## Exercise requirements
Using the data beneath, show every line that includes the word "coefficient".

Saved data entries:
(* Let $\phi$ and $\psi$ be Drinfeld modules over $K$ with $\operatorname{rk}\phi>\operatorname{rk}\psi$, and put $n=\operatorname{rk}\phi$. Let $K\{\tau\}_{<n}=\{w\in K\{\tau\}\mid \deg_\tau w<n\}$. Then there is an $\mathbb F_q$-linear isomorphism $\operatorname{Ext}^1_\tau(\phi,\psi)\cong K\{\tau\}_{<n}$; namely, the map sending $w\in K\{\tau\}_{<n}$ to the class of the biderivation $\delta$ with $\delta(t)=w$ is an isomorphism of $\mathbb F_q$-vector spaces $K\{\tau\}_{<n}\to \mathrm{Der}(\phi,\psi)/\mathrm{Der}_{in}(\phi,\psi)$.
   Context: Let $q$ be a power of a prime $p$, $A=\mathbb F_q[t]$, and $K$ a field of characteristic $p$ with an $\mathbb F_q$-algebra homomorphism $\iota:A\to K$; put $\theta=\iota(t)$. $K\{\tau\}$ is the ring of twisted polynomials $\sum_i a_i\tau^i$ ($a_i\in K$) with $\tau x=x^q\tau$; write $c^{(i)}=c^{q^i}$. A $\mathbf t$-module of dimension $d$ over $K$ is an $\mathbb F_q$-algebra homomorphism $\Phi:\mathbb F_q[t]\to \mathrm{Mat}_d(K\{\tau\})$ with $\Phi_t:=\Phi(t)=(\theta I_d+N)+M_1\tau+\dots+M_r\tau^r$, $N$ nilpotent, $M_i\in\mathrm{Mat}_d(K)$; its rank $\operatorname{rk}\Phi$ is the $\tau$-degree of $\Phi_t$. A Drinfeld module is a $\mathbf t$-module of dimension $1$, i.e. $\phi_t=\theta+\sum_{i=1}^n a_i\tau^i$. For $\mathbf t$-modules $\Phi$ (dimension $d$) and $\Psi$ (dimension $e$), $\mathrm{Der}(\Phi,\Psi)$ is the $\mathbb F_q$-space of $\mathbb F_q$-linear maps $\delta:\mathbb F_q[t]\to\mathrm{Mat}_{e\times d}(K\{\tau\})$ with $\delta(ab)=\Psi_a\delta(b)+\delta(a)\Phi_b$; such $\delta$ is determined by $\delta(t)$, and every value of $\delta(t)$ occurs. The inner biderivations $\mathrm{Der}_{in}(\Phi,\Psi)$ are those of the form $\delta^{(U)}(a)=U\Phi_a-\Psi_aU$ with $U\in\mathrm{Mat}_{e\times d}(K\{\tau\})$. $\operatorname{Ext}^1_\tau(\Phi,\Psi)$ (the group of extensions $0\to\Psi\to X\to\Phi\to0$ of $\mathbf t$-modules with Baer sum) is identified with $\mathrm{Der}(\Phi,\Psi)/\mathrm{Der}_{in}(\Phi,\Psi)$, the class of $\delta$ corresponding to the extension with middle term $X_t=\begin{bmatrix}\Phi_t&0\\ \delta(t)&\Psi_t\end{bmatrix}$; its $\mathbb F_q[t]$-module structure is $a*[\delta]=[\Psi_a\delta]$. *)

From HB Require Import structures.
From mathcomp Require Import all_boot all_order all_algebra.
Set Implicit Arguments. Unset Strict Implicit. Unset Printing Implicit Defensive.
Import GRing.Theory.
Local Open Scope ring_scope.

(* Setting: F = F_q is a finite field (q = #|F|), K a field with an embedding
   iota : F -> K (so K is an F_q-algebra of characteristic p).  A = {poly F}
   = F_q[t], and 'X : {poly F} is t.
   The twisted polynomial ring K{tau} is modelled on the coefficient type
   {poly K}: p = \sum_i p`_i tau^i, with the usual addition and the twisted
   product tmul below (tau x = x^q tau). *)

Section Twisted.
Variables (F : finFieldType) (K : fieldType) (iota : {rmorphism F -> K}).

Definition qq : nat := #|F|.

(* (sum_i a_i tau^i)(sum_j b_j tau^j) = sum_{i,j} a_i b_j^(q^i) tau^(i+j) *)
Definition tmul (a b : {poly K}) : {poly K} :=
  \poly_(k < size a + size b)
    (\sum_(i < k.+1) a`_i * (b`_(k - i)) ^+ (qq ^ i)).

Definition tpow (a : {poly K}) (k : nat) : {poly K} := iter k (tmul a) 1.

(* The F_q-algebra homomorphism phi : F_q[t] -> K{tau} determined by
   phi_t = phit:  phi_a = \sum_i iota(a_i) phit^i. *)
Definition dmod (phit : {poly K}) (a : {poly F}) : {poly K} :=
  \sum_(i < size a) iota a`_i *: tpow phit i.

Definition is_bider (phit psit : {poly K}) (delta : {poly F} -> {poly K}) :=
  (forall (c : F) (a b : {poly F}),
      delta (c *: a + b) = iota c *: delta a + delta b) /\
  (forall a b : {poly F},
      delta (a * b) = tmul (dmod psit a) (delta b) + tmul (delta a) (dmod phit b)).

Definition is_inner (phit psit : {poly K}) (delta : {poly F} -> {poly K}) :=
  exists U : {poly K},
    forall a : {poly F}, delta a = tmul U (dmod phit a) - tmul (dmod psit a) U.

End Twisted.

From HB Require Import structures.
From mathcomp Require Import all_boot all_order all_algebra all_field zify.
Set Implicit Arguments. Unset Strict Implicit. Unset Printing Implicit Defensive.
Import GRing.Theory.
Local Open Scope ring_scope.

(* A biderivation delta in Der(phi, psi) is determined by w = delta(t), and every
   w occurs: delta_w(a) is the lower-left entry of X_a for the t-module
   X_t = [[phi_t, 0], [w, psi_t]] with values in 2x2 matrices over K{tau}.
   The inner biderivation delta^(U) has value U phi_t - psi_t U at t; as
   deg psi_t < deg phi_t = n, this has degree deg U + n and leading coefficient
   lead(U) lead(phi_t)^(q^deg U).  Hence no nonzero value of an inner
   biderivation at t has degree < n, and repeatedly cancelling leading terms
   writes any w as r + (U phi_t - psi_t U) with deg r < n. *)

Lemma size_sub_lead_lt (R : nzRingType) (p q : {poly R}) :
  p != 0 -> size q = size p -> lead_coef q = lead_coef p -> (size (p - q)%R < size p)%N.
Proof.
move=> nz_p eq_size eq_lead; rewrite (polySpred nz_p) ltnS.
apply/leq_sizeP => j; rewrite leq_eqVlt => /predU1P[<-|lt_j].
  by rewrite coefB -eq_size -lead_coefE eq_lead eq_size subrr.
have le_pj : (size p <= j)%N by rewrite (polySpred nz_p).
by rewrite coefB !nth_default ?subrr ?eq_size.
Qed.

## Answer for the task
   The twisted polynomial ring K{tau} is modelled on the coefficient type
   deg psi_t < deg phi_t = n, this has degree deg U + n and leading coefficient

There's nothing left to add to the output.